There are ways to use nature against nature in the form of plants, bacteria, fungi, nematodes or insects that are beneficial to the plants you have in your garden. In fact all healthy gardens should have insects!

Plant native flowering plants to provide food for beneficial insects such as lady beetles, lacewings, parasitic wasps, ground beetles, praying mantis, syrphid fly, tachinid fly, spiders and predatory mites, and other predatory bugs. You can also try companion planting, which is where you use plants that repel specific insects next to plants that those same insects enjoy. Avoid using pesticides if you use this method as they will kill both good and bad bugs.

If you do decide to use a commercial pesticide, you must first determine what kind you want to use. There are products that use either synthetic or more environmentally based substances.

You need to determine whether you want to use a product that kills pests by physical contact, which can require repeat applications, or products that are systemic to the plant. These take longer to work but also last longer, so repeat applications are not usually required.

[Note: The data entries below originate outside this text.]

Ltac eqtri_fold_pt :=
  pose proof sqrt3_sq; pose proof sqrt3_pos;
  rewrite (fold_pt_equilateral _ _ _ 2);
  unfold to_prev, to_next, vert, padd, pscale, rot90, psub, dot; simpl;
  try lra; f_equal; nra.

Lemma fold_pt_eqtri0 d : fold_pt eqtri 0 d = (- (d * sqrt 3 / 3), d).
Proof. eqtri_fold_pt. Qed.

Lemma fold_pt_eqtri1 d : fold_pt eqtri 1 d = (2 - d * sqrt 3 / 3, - d).
Proof. eqtri_fold_pt. Qed.

Lemma fold_pt_eqtri2 d : fold_pt eqtri 2 d = (1 + 2 * d * sqrt 3 / 3, sqrt 3).
Proof. eqtri_fold_pt. Qed.

(* Signed distance to the line through [e_k], positive towards the interior, and
   the coordinate along [e_k]. *)
Definition edge_dist (k : nat) (X : pt) : R :=
  match k with
  | 0%nat => snd X
  | 1%nat => - (sqrt 3 / 2) * (fst X - 2) - snd X / 2
  | _ => (sqrt 3 / 2) * (fst X - 1) - (snd X - sqrt 3) / 2
  end.

Definition edge_coord (k : nat) (X : pt) : R :=
  match k with
  | 0%nat => fst X
  | 1%nat => (- (fst X - 2) + sqrt 3 * snd X) / 2
  | _ => (- (fst X - 1) - sqrt 3 * (snd X - sqrt 3)) / 2
  end.

Ltac eqtri_coords :=
  pose proof sqrt3_sq;
  try change (fold_pt eqtri 3) with (fold_pt eqtri 0);
  rewrite ?fold_pt_eqtri0, ?fold_pt_eqtri1, ?fold_pt_eqtri2;
  unfold padd, pscale; simpl; field_simplify;
  rewrite ?(pow2_sqrt 3) by lra; field.

Lemma edge_dist_ribbon_map k s d :
  (k < 3)%nat -> edge_dist k (ribbon_map eqtri k s d) = d.
Proof.
  intros Hk; destruct k as [|[|[|k]]]; try lia; unfold ribbon_map; eqtri_coords.
Qed.

Lemma edge_coord_ribbon_map k s d : (k < 3)%nat ->
  edge_coord k (ribbon_map eqtri k s d) = - (d * sqrt 3 / 3) + s * (2 + 2 * d * sqrt 3 / 3).
Proof.
  intros Hk; destruct k as [|[|[|k]]]; try lia; unfold ribbon_map; eqtri_coords.
Qed.

Lemma edge_dist_sum X : edge_dist 0 X + edge_dist 1 X + edge_dist 2 X = sqrt 3.
Proof. destruct X; simpl; field. Qed.

(* In an equilateral triangle the fold line at [v_k] is parallel to the opposite side. *)
Lemma edge_dist_fold_pt k d :
  (k < 3)%nat -> edge_dist (S k mod 3) (fold_pt eqtri k d) = sqrt 3.
Proof.
  intros Hk; destruct k as [|[|[|k]]]; try lia; eqtri_coords.
Qed.

Lemma ribbon_map_eqtri_inj k s1 d1 s2 d2 :
  (k < 3)%nat -> - sqrt 3 < d1 ->
  ribbon_map eqtri k s1 d1 = ribbon_map eqtri k s2 d2 -> s1 = s2 /\ d1 = d2.
Proof.
  intros Hk Hd1 E.
  assert (Hd : d1 = d2).
  { rewrite <- (edge_dist_ribbon_map k s1 d1), <- (edge_dist_ribbon_map k s2 d2), E
      by exact Hk; reflexivity. }
  subst d2; split; [|reflexivity].
  pose proof (edge_coord_ribbon_map k s1 d1 Hk) as C1.
  pose proof (edge_coord_ribbon_map k s2 d1 Hk) as C2.
  rewrite E, C2 in C1.
  pose proof sqrt3_sq; pose proof sqrt3_pos.
  assert (0 < 2 + 2 * d1 * sqrt 3 / 3) by nra.
  apply (Rmult_eq_reg_r (2 + 2 * d1 * sqrt 3 / 3)); lra.
Qed.

Lemma mod3_neighbours i j : (i < 3)%nat -> (j < 3)%nat ->
  j = i \/ S j mod 3 = i \/ j = S i mod 3.
Proof. intros; destruct i as [|[|[|i]]], j as [|[|[|j]]]; simpl; lia. Qed.

Lemma succ_mod3_inj i j : (i < 3)%nat -> (j < 3)%nat -> S j mod 3 = S i mod 3 -> j = i.
Proof. intros; destruct i as [|[|[|i]]], j as [|[|[|j]]]; simpl in *; lia. Qed.

Lemma fold_pt_on_piece i j t d e :
  (j < 3)%nat -> Rabs e < sqrt 3 ->
  ribbon_map eqtri j t e = fold_pt eqtri i d ->
  (j = i mod 3 /\ t = 0 /\ e = d) \/ (S j mod 3 = i mod 3 /\ t = 1 /\ e = - d).
Proof.
  intros Hj He E.
  apply Rabs_def2 in He.
  rewrite <- fold_pt_mod in E.
  assert (Hi : (i mod 3 < 3)%nat) by (apply Nat.mod_upper_bound; lia).
  destruct (mod3_neighbours (i mod 3) j Hi Hj) as [Hji|[Hji|Hji]].
  - rewrite <- Hji, <- ribbon_map_s0 in E.
    destruct (ribbon_map_eqtri_inj j t e 0 d Hj ltac:(lra) E); left; auto.
  - rewrite <- Hji, fold_pt_mod, <- (Ropp_involutive d), <- ribbon_map_s1 in E.
    destruct (ribbon_map_eqtri_inj j t e 1 (- d) Hj ltac:(lra) E); right; auto.
  - exfalso; apply (f_equal (edge_dist j)) in E.
    rewrite edge_dist_ribbon_map, Hji, edge_dist_fold_pt in E by assumption; lra.
Qed.

Section EqtriRibbon.

Variable w : R.
Hypothesis w_bounds : 0 < w < 2 * sqrt 3.

Let ribbon_width_lt p : in_ribbon w p -> Rabs (rp_d p) < sqrt 3.
Proof. intros [_ [_ Hd]]; apply Rabs_def1; lra. Qed.

Lemma same_piece_same_pt p q :
  in_ribbon w p -> in_ribbon w q -> rp_i p = rp_i q -> image eqtri p = image eqtri q ->
  same_pt p q.
Proof.
  intros Hp Hq Hi E.
  destruct p as [[i s] d], q as [[j t] e]; unfold rp_i, image in *; simpl in *; subst j.
  pose proof (ribbon_width_lt _ Hp) as Hd; apply Rabs_def2 in Hd; unfold rp_d in Hd; simpl in Hd.
  destruct (ribbon_map_eqtri_inj i s d t e (proj1 Hp) ltac:(lra) E); subst.
  now left.
Qed.

Lemma double_pt_interior_l p q : double_pt eqtri w p q -> 0 < rp_s p < 1.
Proof.
  intros [Hp [Hq [N E]]].
  pose proof (ribbon_width_lt _ Hq) as He.
  destruct p as [[i s] d], q as [[j t] e].
  unfold in_ribbon, image, rp_i, rp_s, rp_d in *; simpl in *.
  destruct Hp as [Hi [Hs _]], Hq as [Hj _].
  destruct (Req_dec s 0) as [->|Hs0]; [|destruct (Req_dec s 1) as [->|Hs1]; [|lra]];
    exfalso; apply N.
  - rewrite ribbon_map_s0 in E.
    destruct (fold_pt_on_piece i j t d e Hj He (eq_sym E))
      as [[Hji [-> ->]]|[Hji [-> ->]]]; rewrite (Nat.mod_small i) in Hji by exact Hi.
    + subst; now left.
    + right; right; repeat split; simpl; auto; ring.
  - rewrite ribbon_map_s1 in E.
    destruct (fold_pt_on_piece (S i) j t (- d) e Hj He (eq_sym E))
      as [[Hji [-> ->]]|[Hji [-> ->]]].
    + right; left; repeat split; auto.
    + rewrite (succ_mod3_inj i j Hi Hj Hji), Ropp_involutive; now left.
Qed.

Lemma double_pt_pieces p q : double_pt eqtri w p q ->
  0 < rp_s p < 1 /\ 0 < rp_s q < 1 /\ rp_i p <> rp_i q.
Proof.
  intros D; split; [|split].
  - exact (double_pt_interior_l p q D).
  - exact (double_pt_interior_l q p (double_pt_sym eqtri w p q D)).
  - destruct D as [Hp [Hq [N E]]]; intros Hi.
    exact (N (same_piece_same_pt p q Hp Hq Hi E)).
Qed.

End EqtriRibbon.

Lemma no_triple_point w p q r :
  w < 2 * sqrt 3 / 3 -> in_ribbon w p -> in_ribbon w q -> in_ribbon w r ->
  rp_i p <> rp_i q -> rp_i q <> rp_i r -> rp_i p <> rp_i r ->
  image eqtri p = image eqtri q -> image eqtri q = image eqtri r -> False.
Proof.
  intros Hw Hp Hq Hr Npq Nqr Npr Epq Eqr.
  assert (dist_le : forall x, in_ribbon w x ->
                      edge_dist (rp_i x) (image eqtri x) <= w / 2).
  { intros x [Hx [_ Hxd]]; unfold image; rewrite edge_dist_ribbon_map by exact Hx; lra. }
  pose proof (dist_le p Hp) as Dp; pose proof (dist_le q Hq) as Dq;
    pose proof (dist_le r Hr) as Dr.
  rewrite Epq in Dp; rewrite <- Eqr in Dr.
  pose proof (edge_dist_sum (image eqtri q)).
  destruct Hp as [Hp _], Hq as [Hq _], Hr as [Hr _].
  destruct (rp_i p) as [|[|[|a]]]; try lia; destruct (rp_i q) as [|[|[|b]]]; try lia;
    destruct (rp_i r) as [|[|[|c]]]; try lia; lra.
Qed.

Definition fold_sign (b : bool) : R := if b then 1 else -1.

(* Any two distinct pieces of a 3-stick ribbon are glued along a fold, whose type
   decides which one lies on top; the value for [a = b] is irrelevant. *)
Definition piece_order (F : nat -> bool) (a b : nat) : R :=
  if Nat.eqb a ((b + 1) mod 3) then fold_sign (F a)
  else if Nat.eqb b ((a + 1) mod 3) then - fold_sign (F b) else -1.

Lemma piece_order_sign F a b : piece_order F a b = 1 \/ piece_order F a b = -1.
Proof.
  unfold piece_order, fold_sign.
  destruct (Nat.eqb _ _); [destruct (F a); lra|].
  destruct (Nat.eqb _ _); [destruct (F b); lra|lra].
Qed.

Lemma piece_order_antisym F a b : (a < 3)%nat -> (b < 3)%nat -> a <> b ->
  piece_order F b a = - piece_order F a b.
Proof.
  intros Ha Hb Hab.
  destruct a as [|[|[|a]]]; try lia; destruct b as [|[|[|b]]]; try lia;
    unfold piece_order, fold_sign; simpl; destruct (F 0%nat), (F 1%nat), (F 2%nat); lra.
Qed.

(* Three folds of the same type make the piece order cyclic. *)
Lemma piece_order_trans F a b c :
  (a < 3)%nat -> (b < 3)%nat -> (c < 3)%nat -> a <> b -> b <> c -> a <> c ->
  piece_order F a b = 1 -> piece_order F b c = 1 ->
  piece_order F a c = 1 \/ all_same_type F.
Proof.
  intros Ha Hb Hc Hab Hbc Hac; unfold all_same_type.
  destruct a as [|[|[|a]]]; try lia; destruct b as [|[|[|b]]]; try lia;
    destruct c as [|[|[|c]]]; try lia;
    unfold piece_order, fold_sign; simpl; destruct (F 0%nat), (F 1%nat), (F 2%nat);
    intros; try lra; auto.
Qed.

Lemma piece_order_prev F i : (i < 3)%nat ->
  piece_order F i ((i + 2) mod 3) = fold_sign (F i).
Proof. intros Hi; destruct i as [|[|[|i]]]; try lia; reflexivity. Qed.

Lemma immersed_eqtri w : w < 2 * sqrt 3 -> immersed_away_from_folds eqtri w.
Proof.
  intros Hw i s d Hi _ _; exists 1; split; [lra|].
  intros s1 d1 s2 d2 _ Hd1 _ _ _ _ E.
  apply (ribbon_map_eqtri_inj i s1 d1 s2 d2 Hi); [lra|exact E].
Qed.

Lemma crossing_info_piece_order F w :
  0 < w < 2 * sqrt 3 -> (all_same_type F -> w < 2 * sqrt 3 / 3) ->
  crossing_info eqtri w (fun p q => piece_order F (rp_i p) (rp_i q)).
Proof.
  intros Hw Hsame; split; [|split; [|split; [|split]]].
  - intros p q _; apply piece_order_sign.
  - intros p q p' q' D Sp Sq _ _.
    destruct (double_pt_pieces w Hw p q D) as [Ip [Iq _]].
    now rewrite (same_pt_interior p p' Ip Sp), (same_pt_interior q q' Iq Sq).
  - intros p q D; destruct (double_pt_pieces w Hw p q D) as [_ [_ N]].
    destruct D as [[Hp _] [[Hq _] _]]; now apply piece_order_antisym.
  - intros p q r Dpq Dqr Dpr Opq Oqr.
    destruct (double_pt_pieces w Hw p q Dpq) as [_ [_ Npq]].
    destruct (double_pt_pieces w Hw q r Dqr) as [_ [_ Nqr]].
    destruct (double_pt_pieces w Hw p r Dpr) as [_ [_ Npr]].
    destruct Dpq as [Rp [Rq [_ Epq]]], Dqr as [_ [Rr [_ Eqr]]].
    destruct (piece_order_trans F _ _ _ (proj1 Rp) (proj1 Rq) (proj1 Rr)
                Npq Nqr Npr Opq Oqr) as [H|H]; [exact H|].
    destruct (no_triple_point w p q r (Hsame H) Rp Rq Rr Npq Nqr Npr Epq Eqr).
  - intros p q D; exists 1; split; [lra|].
    intros p' q' [p1 [p2 [Sp1 [Sp2 [Ep _]]]]] [q1 [q2 [Sq1 [Sq2 [Eq _]]]]] D'.
    destruct (double_pt_pieces w Hw p q D) as [Ip [Iq _]].
    destruct (double_pt_pieces w Hw p' q' D') as [Ip' [Iq' _]].
    rewrite (same_pt_interior p p1 Ip Sp1), (same_pt_interior p' p2 Ip' Sp2) in Ep.
    rewrite (same_pt_interior q q1 Iq Sq1), (same_pt_interior q' q2 Iq' Sq2) in Eq.
    now rewrite Ep, Eq.
Qed.

Lemma allowed_eqtri F w :
  0 < w < 2 * sqrt 3 -> (all_same_type F -> w < 2 * sqrt 3 / 3) -> allowed eqtri w F.
Proof.
  intros Hw Hsame; split; [apply immersed_eqtri; lra|].
  exists (fun p q => piece_order F (rp_i p) (rp_i q)).
  split; [exact (crossing_info_piece_order F w Hw Hsame)|].
  exists 1; split; [lra|].
  intros i p q Hi -> _ -> _ _; exact (piece_order_prev F i Hi).
Qed.

Theorem proposition4p4 :
  (forall F : nat -> bool, all_same_type F -> min_ribbonlength_le F (3 * sqrt 3)) /\
  (forall F : nat -> bool, ~ all_same_type F -> min_ribbonlength_le F (sqrt 3)).
Proof.
  pose proof sqrt3_pos; pose proof sqrt3_sq.
  split; intros F HF.
  - replace (3 * sqrt 3) with (length_K eqtri / (2 * sqrt 3 / 3))
      by (rewrite length_eqtri; field_simplify_eq; [nra|lra]).
    apply min_ribbonlength_le_of_allowed; [exact nondegenerate_eqtri|lra|].
    intros w Hw; apply allowed_eqtri; [lra|intros; lra].
  - replace (sqrt 3) with (length_K eqtri / (2 * sqrt 3))
      by (rewrite length_eqtri; field_simplify_eq; [nra|lra]).
    apply min_ribbonlength_le_of_allowed; [exact nondegenerate_eqtri|lra|].
    intros w Hw; apply allowed_eqtri; [lra|intros; contradiction].
Qed.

Commercial products have been thoroughly tested and have safety procedures listed on the container in which they are sold. That label is a legal document so the application and protective gear procedures must be followed to legally and safely apply the product.

The important thing to remember is to take an integrated approach to pest management. Learn about the pests that are bothering your garden and take steps to prevent, obstruct or, when necessary, reduce their access to your plants. If you use this approach, you will be saving both money and our environment.